(Collected data entries)

▬▬▬▬▬▬

Lemma slot_ltn x y : block x = block y -> x < y -> slot x < slot y.
Proof.
by rewrite /block /slot => bxy; rewrite {1}(divn_eq x k.+2) {1}(divn_eq y k.+2) bxy ltn_add2l.
Qed.

Lemma ltn_block x y : block x < block y -> x < y.
Proof. by apply: contraTT; rewrite -!leqNgt; apply: leq_div2r. Qed.

Lemma block_le_apex x : x <= apex -> block x <= m.
Proof. by move=> x_le; rewrite -(mulnK m (ltn0Sn k.+1)) leq_div2r. Qed.

Lemma block_apex : block apex = m. Proof. exact: mulnK. Qed.

Lemma slot_apex : slot apex = 0. Proof. exact: modnMl. Qed.

Lemma block_eq_apex x : x <= apex -> block x = m -> x = apex.
Proof. by move=> x_le bx; apply/anti_leq; rewrite x_le /apex -bx leq_divM. Qed.

Lemma middle_not_endpoint x y z :
  block x = block y -> block y = block z -> x < y -> y < z -> ~~ endpoint y.
Proof.
move=> bxy byz /(slot_ltn bxy) sxy /(slot_ltn byz) syz.
rewrite /endpoint negb_or -lt0n (leq_trans _ sxy) //.
by rewrite neq_ltn (leq_trans syz) // -ltnS slot_lt.
Qed.

Lemma adj_sym : symmetric adj. Proof. by move=> x y; rewrite /adj orbC. Qed.

Lemma adj_irr : irreflexive adj. Proof. by move=> x; rewrite /adj /back_adj ltnn. Qed.

Lemma adj_back x y : y < x -> adj x y = back_adj x y.
Proof. by move=> yx; rewrite /adj [back_adj y x]/back_adj ltnNge (ltnW yx) orbF. Qed.

Lemma adj_same_block x y :
  block x = block y -> x != y -> ~~ (endpoint x && endpoint y) -> adj x y.
Proof.
wlog yx : x y / y < x.
  move=> wlog_yx bxy; rewrite neq_ltn => /orP[xy|yx] not_ends.
    by rewrite adj_sym; apply: wlog_yx xy (esym bxy) (negbT (gtn_eqF xy)) _; rewrite andbC.
  exact: wlog_yx yx bxy (negbT (gtn_eqF yx)) not_ends.
by move=> bxy _ not_ends; rewrite adj_back // /back_adj yx bxy eqxx.
Qed.

Lemma adj_head x y : block y < block x -> slot x = 0 -> endpoint y -> adj x y.
Proof.
move=> byx sx ey.
by rewrite (adj_back (ltn_block byx)) /back_adj (ltn_block byx) (ltn_eqF byx) sx ey.
Qed.

Lemma back_adj_head x y : slot x = 0 -> back_adj x y -> block y < block x /\ endpoint y.
Proof.
move=> sx /andP[yx]; case: eqP => [byx|/eqP byx /andP[_ ey]].
  by have := slot_ltn byx yx; rewrite sx.
by rewrite ltn_neqAle byx leq_div2r // ltnW.
Qed.

Lemma back_adj_inner x y : slot x != 0 -> back_adj x y ->
  [/\ block y = block x, slot y < slot x & (slot x = k.+1 -> slot y != 0)].
Proof.
move=> sx /andP[yx]; case: eqP => [byx not_ends|_ /andP[/eqP sx0]].
  2: by rewrite sx0 in sx.
split=> // [|sxk]; first exact: slot_ltn.
by apply: contraNneq not_ends => sy; rewrite /endpoint sy sxk !eqxx orbT.
Qed.

Definition back_code x y :=
  if slot x == 0 then (block y).*2 + (slot y != 0) else slot y - (slot x == k.+1).

Lemma back_code_lt x y : m.*2 <= k -> x <= apex -> back_adj x y -> back_code x y < k.
Proof.
move=> mk x_le xy; rewrite /back_code; case: eqP => [sx|/eqP sx].
  have [byx _] := back_adj_head sx xy; have := block_le_apex x_le.
  move: byx; case: (slot y != 0); lia.
have [_ syx sy] := back_adj_inner sx xy; have := slot_lt x.
case: eqP => [sxk|sxk]; last lia.
by have := sy sxk; rewrite -lt0n; lia.
Qed.

Lemma back_code_inj x : {in back_adj x &, injective (back_code x)}.
Proof.
move=> y y' xy xy'; rewrite /back_code; case: eqP => [sx|/eqP sx] eq_code.
  have [_ ey] := back_adj_head sx xy; have [_ ey'] := back_adj_head sx xy'.
  move: ey ey' eq_code; rewrite /endpoint.
  case/orP=> /eqP sy; case/orP=> /eqP sy'; rewrite sy sy' /= => eq_code;
    by apply: block_slot_inj; rewrite ?sy ?sy'; lia.
have [by1 _ sy] := back_adj_inner sx xy; have [by2 _ sy'] := back_adj_inner sx xy'.
apply: block_slot_inj; first by rewrite by1 by2.
move: eq_code; case: eqP => [sxk|_]; last lia.
by have := sy sxk; have := sy' sxk; rewrite -!lt0n; lia.
Qed.

Definition block_graph : rel 'I_apex.+1 := fun x y => adj x y.

Local Notation V := 'I_apex.+1.

Lemma block_graph_simple : simple_graph block_graph.
Proof. by split=> [x y|x]; [exact: adj_sym | exact: adj_irr]. Qed.
(* Consider the following RSS-based localization setting. A stationary target is at an unknown position $\mathbf{s}=(x,y,0)\in\mathbb{R}^3$. There are $N$ UAVs; UAV $i$ ($1\le i\le N$) takes $M_i\ge1$ measurements, the $j$-th one at position $\mathbf{u}_{i,j}=(x_{i,j},y_{i,j},h_{i,j})$. Let $r_{i,j}=\sqrt{(x-x_{i,j})^2+(y-y_{i,j})^2}$, $d_{i,j}=\sqrt{r_{i,j}^2+h_{i,j}^2}$, and let $\beta_{i,j}$ be the horizontal UAV–target angle, i.e. $(x_{i,j}-x,\,y_{i,j}-y)=r_{i,j}(\cos\beta_{i,j},\sin\beta_{i,j})$, with $\mathbf{g}_{i,j}=(\cos\beta_{i,j},\sin\beta_{i,j})^T$. The $j$-th measurement of UAV $i$ is $R_{i,j}=p_0-10\gamma\log_{10}(d_{i,j})+\eta_{i,j}$ with known $p_0$, $\gamma>0$ and independent noises $\eta_{i,j}\sim\mathcal{N}(0,\sigma_i^2)$, $\sigma_i>0$. The Fisher information matrix for $(x,y)$ is $$\mathbf{F}=\Big(\frac{10\gamma}{\ln 10}\Big)^2\sum_{i=1}^N\sum_{j=1}^{M_i}\sigma_i^{-2}\frac{r_{i,j}^2}{d_{i,j}^4}\mathbf{g}_{i,j}\mathbf{g}_{i,j}^T.$$ A configuration is feasible if $r_{i,j}\ge r_0$, $h_{i,j}\ge h_0$ for all $i,j$, and $\|\mathbf{u}_{i,j}-\mathbf{u}_{i,j-1}\|\le t_0c_{\max}$ for $2\le j\le M_i$, where $r_0,h_0,t_0,c_{\max}>0$ are given. Problem P is to maximize $\det\mathbf{F}$ over feasible configurations. Let $r^*=\max\{r_0,h_0\}$. Suppose $M_i=M$ for all $i$, $t_0Mc_{\max}<2\pi r^*$, and $\max\{\sigma_i^{-2}:1\le i\le N\}\le\frac12\sum_{i=1}^N\sigma_i^{-2}$. Let $\beta_{1,0},\dots,\beta_{N,0}$ be angles satisfying $\sum_{i=1}^N\sigma_i^{-2}\mathbf{g}(\beta_{i,0})\mathbf{g}(\beta_{i,0})^T=\frac12\big(\sum_{i=1}^N\sigma_i^{-2}\big)\mathbf{I}$, where $\mathbf{g}(\beta)=(\cos\beta,\sin\beta)^T$, and let $0\le c<c_{\max}$. Then the configuration with $r_{i,j}=r^*$, $h_{i,j}=h_0$ and $$\beta_{i,j}=\beta_{i,0}+(j-1)\frac{ct_0}{r^*},\qquad 1\le i\le N,\ 1\le j\le M,$$ is an optimal solution of problem P.
   Context: $\mathbf{I}$ is the $2\times2$ identity matrix. The optimization is over UAV positions for a given target position $\mathbf{s}$. *)

From HB Require Import structures.
From mathcomp Require Import all_boot all_order all_algebra.
From mathcomp Require Import all_classical all_reals all_analysis.
Set Implicit Arguments. Unset Strict Implicit. Unset Printing Implicit Defensive.
Import Order.TTheory GRing.Theory Num.Theory.
Local Open Scope ring_scope.

Section Defs.
Variable R : realType.

(* target s = (x, y, 0) represented by (x, y); UAV position p = ((x_p, y_p), h_p) *)
Definition pos3 := ((R * R) * R)%type.

Definition hdist (s : R * R) (p : pos3) : R :=
  Num.sqrt ((s.1 - p.1.1) ^+ 2 + (s.2 - p.1.2) ^+ 2).
(* k-th partial quotient a_k(x), k >= 1:  a_k(x) = floor(1 / T^(k-1)(x)). *)
Definition cf_a (k : nat) (x : R) : Z :=
  floorR (/ (Nat.iter (Nat.pred k) gauss x)).

Definition inB (B : Z) (j : nat) (x : R) : Prop :=
  0 < x < 1 /\ irrational x /\
  forall k : nat, (1 <= k)%nat ->
    ((k <= j)%nat -> (cf_a k x <= B + 1)%Z) /\
    ((j < k)%nat -> (cf_a k x <= B)%Z).

From Stdlib Require Import Reals ZArith Znumtheory Lra Lia Psatz.
Open Scope R_scope.

(* Every element of B_{2,1} is 1/(a + w) with a <= 3 and w in E_2 = B_{2,0}, and
   E_2 lies in [(sqrt 3 - 1)/2, sqrt 3 - 1], whose endpoints are [overline{2,1}]
   and [overline{1,2}].  These bounds leave only two patterns (3,2,2) and (3,3,2)
   for the first quotients of x <= y <= z.  For (3,2,2) the lower bounds already
   add up to 1, so they are attained.  For (3,3,2), the Moebius coordinate W = silver_coord that
   sends the fixed points sqrt 2 - 1 and -(sqrt 2 + 1) of w |-> 1/(2 + w) to 0
   and infinity turns that map into multiplication by 2 sqrt 2 - 3; the equation
   becomes a positively weighted sum of W-values of the three tails equal to 0.
   A tail beginning with 1 has a W-value too large to be compensated, so all
   tails begin with 2 and the equation passes to the next tails; iterating,
   W vanishes on all three tails, i.e. they all equal sqrt 2 - 1. *)

Lemma le_div_of_mul_le n d c : 0 < d -> c * d <= n -> c <= n / d.
Proof. intros Hd H. apply Rmult_le_reg_r with d; auto. field_simplify; lra. Qed.

Lemma div_le_of_le_mul n d c : 0 < d -> n <= c * d -> n / d <= c.
Proof. intros Hd H. apply Rmult_le_reg_r with d; auto. field_simplify; lra. Qed.
Lemma h_eq0_special x : G x -> h x = 0.
Proof.
move=> Gx; have [->|x0] := eqVneq x 0; first exact: h0_eq0_special.
have [->|xz] := eqVneq x zeta; first exact: h_zeta_eq0.
have Gxz : G (x + zeta) by in_G.
have f_gen a b : G a -> G b -> a + b = x \/ a + b = x + zeta -> f a b = b - zeta.
  move=> Ga Gb [|] e; apply: f_special_generic; rewrite // e //.
  by rewrite -subr_eq0 addrK.
have f_z_xz : f zeta (x + zeta) = x.
  rewrite f_eq_lambda_add // lambda_eq; first by ring.
  by rewrite addNr add0r => ->; rewrite mulr0.
have e1 := @h_swap x zeta (x + zeta) (zeta *+ 2) (x + zeta).
have e2 := @h_swap (x + zeta) (- zeta) x 0 (x + zeta + zeta).
discharge_sides e1; discharge_sides e2.
rewrite h_zeta_eq0 mul0r f_z_xz (f_gen x zeta) ?(f_gen zeta x) // in e1;
  try by [left; ring | right; ring].
rewrite h_opp_zeta_eq0 mul0r (f_gen (x + zeta) (- zeta)) ?(f_gen (- zeta) (x + zeta + zeta))
  ?(f_gen (- zeta) (x + zeta)) // in e2; try in_G; try by [left; ring | right; ring].
have w : zeta ^+ 2 *+ 2 != 0 by rewrite mulrn_eq0 expf_neq0.
by apply: (eq_lincomb2 (k1 := - (x + zeta)) (k2 := zeta - x) w e1 e2); ring.
Qed.

End SpecialLambda.

Lemma h_eq0 x : G x -> h x = 0.
Proof.
have [e|ne] := eqVneq (lambda + zeta) 0; last exact: h_eq0_generic.
by apply: h_eq0_special; apply/eqP; rewrite -addr_eq0 e.
Qed.

Lemma g_eq0 a b : G a -> G b -> g a b = 0.
Proof.
move=> Ga Gb; have := g_by_h Ga Gb erefl erefl.
rewrite !h_eq0 //; last in_G.
by move=> e; apply: (eq_lincomb1 (k := 1) zeta_neq0 e); ring.
Qed.

End VanishingOfG.

Lemma f_exceptional_value (F : fieldType) (gamma lambda a b : F) :
  gamma != lambda -> lambda + a + b = 0 ->
  (lambda + b) * (gamma - lambda - b) / (gamma - lambda)
  = lambda + b + (gamma - lambda)^-1 * a * b.
Proof.
move=> gL e; have -> : a = - lambda - b by apply: (eq_lincomb1 (k := 1) (oner_neq0 _) e); ring.
by field; rewrite subr_eq0.
Qed.

Theorem proposition4p3 (C : numClosedFieldType) (G : C -> Prop) (nu : nat)
  (zeta : C) (f g : C -> C -> C) (gamma lambda : C) :
  (1 < nu)%N -> free_subgroup_of_rank G nu ->
  G zeta -> zeta != 0 ->
  is_CLSAS G (@witt_bracket C) (lsprod f g zeta) ->
  G lambda -> gamma != lambda ->
  (forall a b, G a -> G b ->
     (lambda + a + b != 0 -> f a b = lambda + b) /\
     (lambda + a + b = 0 ->
        f a b = (lambda + b) * (gamma - lambda - b) / (gamma - lambda))) ->
  forall a b, G a -> G b -> g a b = 0.
Proof.
move=> _ /free_subgroup_closed [G0 G_add G_opp] Gz z0 clsas GL gL f_spec.
have k0 : (gamma - lambda)^-1 != 0 by rewrite invr_eq0 subr_eq0.
apply: (@g_eq0 C G f g zeta lambda (gamma - lambda)^-1) => //.
- exact: (lsprod_g_sym z0 clsas).
- exact: (lsprod_assoc_shift1 z0 clsas).
- exact: (lsprod_assoc_shift2 z0 clsas).
- by move=> a b Ga Gb; case: (f_spec a b Ga Gb).
- by move=> a b Ga Gb e; rewrite (proj2 (f_spec a b Ga Gb) e) (f_exceptional_value gL e).
Qed.
Lemma comp_of_typeP C t : aff_valid t ->
  comp_of_type C t <-> exists2 l, l \in affine_sets t & C = vset l.
Proof.
move=> t_valid; rewrite /affine_sets t_valid; set k := aff_size t.
split.
- case/existsP => f /and3P [/injectiveP f_inj /eqP -> /forallP f_wt].
  pose s := [seq code (f a) | a <- enum 'I_k].
  have nth_s i (hi : i < k) : nth 0 s i = code (f (Ordinal hi)).
    by rewrite (nth_map (Ordinal hi)) ?size_enum_ord // (nth_ord_enum _ (Ordinal hi)).
  have s_emb : is_embedding 20 wtN (aff_wt t) k s.
    split; first by rewrite size_map size_enum_ord.
    + by rewrite map_inj_uniq ?enum_uniq // => a b /(can_inj codeK) /f_inj.
    + by apply/allP => _ /mapP [a _ ->]; apply: code_lt.
    move=> i j hi hj _; rewrite (nth_s i hi) (nth_s j hj) -wt_vx ?code_lt // !codeK.
    by apply/eqP; have /forallP := f_wt (Ordinal hi); apply.
  exists (canon s); first by rewrite mem_undup; apply: map_f; apply/mem_embeddings.
  rewrite vset_canon; last by case: s_emb.
  apply/setP => x; rewrite inE; apply/imsetP/mapP => [[a _ ->]|[_ /mapP [a _ ->] ->]].
    by exists (code (f a)); rewrite ?codeK // (map_f (fun a => code (f a))) ?mem_enum.
  by exists a; rewrite ?codeK.
- case=> _ /[!mem_undup] /mapP [s /mem_embeddings [sz s_uniq s_lt s_wt] ->] ->.
  have nth_lt i : i < k -> nth 0 s i < 20 by move=> hi; apply: (allP s_lt); rewrite mem_nth ?sz.
  apply/existsP; exists [ffun i : 'I_k => vx (nth 0 s i)]; apply/and3P; split.
  + apply/injectiveP => i j; rewrite !ffunE => /vx_inj.
    rewrite !inE => /(_ (nth_lt _ (ltn_ord i)) (nth_lt _ (ltn_ord j))) /eqP.
    by rewrite nth_uniq ?sz // => /eqP /val_inj.
  + apply/eqP/setP => x; rewrite vset_canon // inE.
    apply/mapP/imsetP => [[_ /(nthP 0) [i hi <-] ->]|[i _ ->]].
      by rewrite sz in hi; exists (Ordinal hi); rewrite ?ffunE.
    by rewrite ffunE; exists (nth 0 s i); rewrite ?mem_nth ?sz.
  + apply/forallP => i; apply/forallP => j; rewrite !ffunE.
    have [<-|ij] := eqVneq i j; first by rewrite /wt eqxx aff_wt_diag.
    by rewrite wt_vx ?nth_lt // s_wt.
Qed.

Lemma affine_sets_valid t l : l \in affine_sets t -> aff_valid t.
Proof. by rewrite /affine_sets; case: aff_valid. Qed.

Definition affine_enumeration : seq (seq nat) := undup (flatten
  [seq affine_sets (tA n) ++ affine_sets (tD n) ++ affine_sets (tE n) | n <- iota 0 21]).

(* Evaluated once: unification against the unevaluated enumeration (or its
   cliques below) would recompute it by lazy reduction, which is hopeless. *)
Definition affine_codes := Eval vm_compute in affine_enumeration.

Lemma affine_codesE : affine_codes = affine_enumeration.
Proof. by vm_compute. Qed.

Lemma mem_affine_codes l : l \in affine_codes <-> exists2 n, n < 21 &
  [\/ l \in affine_sets (tA n), l \in affine_sets (tD n) | l \in affine_sets (tE n)].
Proof.
rewrite affine_codesE; split=> [l_aff | [n hn hl]].
  have /flatten_mapP [n] : l \in flatten [seq affine_sets (tA n) ++ affine_sets (tD n)
                                        ++ affine_sets (tE n) | n <- iota 0 21].
    by rewrite -mem_undup; exact: l_aff.
  by rewrite mem_iota !mem_cat => hn /or3P hl; exists n.
rewrite /affine_enumeration mem_undup; apply/flatten_mapP; exists n; first by rewrite mem_iota.
by rewrite !mem_cat; apply/or3P.
Qed.

Lemma is_affineP C : is_affine C <-> exists2 l, l \in affine_codes & C = vset l.
Proof.
split=> [/existsP [n /or3P H] | [l /mem_affine_codes [n n_lt hl] ->]].
  have n_lt := ltn_ord n.
  case: H => /andP [t_valid /(comp_of_typeP _ t_valid) [l hl ->]];
    (exists l; last by []); apply/mem_affine_codes; exists n => //.
  - exact: Or31.
  - exact: Or32.
  - exact: Or33.
apply/existsP; exists (Ordinal n_lt); apply/or3P.
case: hl => hl; [apply: Or31 | apply: Or32 | apply: Or33]; rewrite (affine_sets_valid hl);
  by apply/comp_of_typeP; [exact: affine_sets_valid hl | exists l].
Qed.

Implicit Types (S C D : {set V}) (u v x y : V) (l L : seq nat) (F : seq (seq nat)).

Definition component (S : {set V}) (u : V) : {set V} := [set v in S | connect (adj S) u v].

Lemma connect_adj_sym S : connect_sym (adj S).
Proof. by apply: sym_connect_sym => x y; rewrite /adj wt_sym andbCA. Qed.

Lemma component_id S u : u \in S -> u \in component S u.
Proof. by move=> uS; rewrite inE uS connect0. Qed.

Lemma component_sub S u : component S u \subset S.
Proof. by apply/subsetP => v; rewrite inE => /andP []. Qed.

Lemma component_eq S u v : v \in component S u -> component S v = component S u.
Proof.
rewrite inE => /andP [_ uv]; apply/setP => x; rewrite !inE; case: (x \in S) => //=.
apply/idP/idP => [|ux]; first exact: connect_trans.
by rewrite connect_adj_sym in uv; apply: connect_trans ux.
Qed.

▬▬▬▬▬▬

■ **Task directions**: What is needed is a verbatim copy of every line in the records above from the one containing "Lemma div_le_of_le_mul n" down to the one containing "have f_gen a", both included, and nothing more.

■ **Answer to the problem**:
Lemma div_le_of_le_mul n d c : 0 < d -> n <= c * d -> n / d <= c.
Proof. intros Hd H. apply Rmult_le_reg_r with d; auto. field_simplify; lra. Qed.
Lemma h_eq0_special x : G x -> h x = 0.
Proof.
move=> Gx; have [->|x0] := eqVneq x 0; first exact: h0_eq0_special.
have [->|xz] := eqVneq x zeta; first exact: h_zeta_eq0.
have Gxz : G (x + zeta) by in_G.
have f_gen a b : G a -> G b -> a + b = x \/ a + b = x + zeta -> f a b = b - zeta.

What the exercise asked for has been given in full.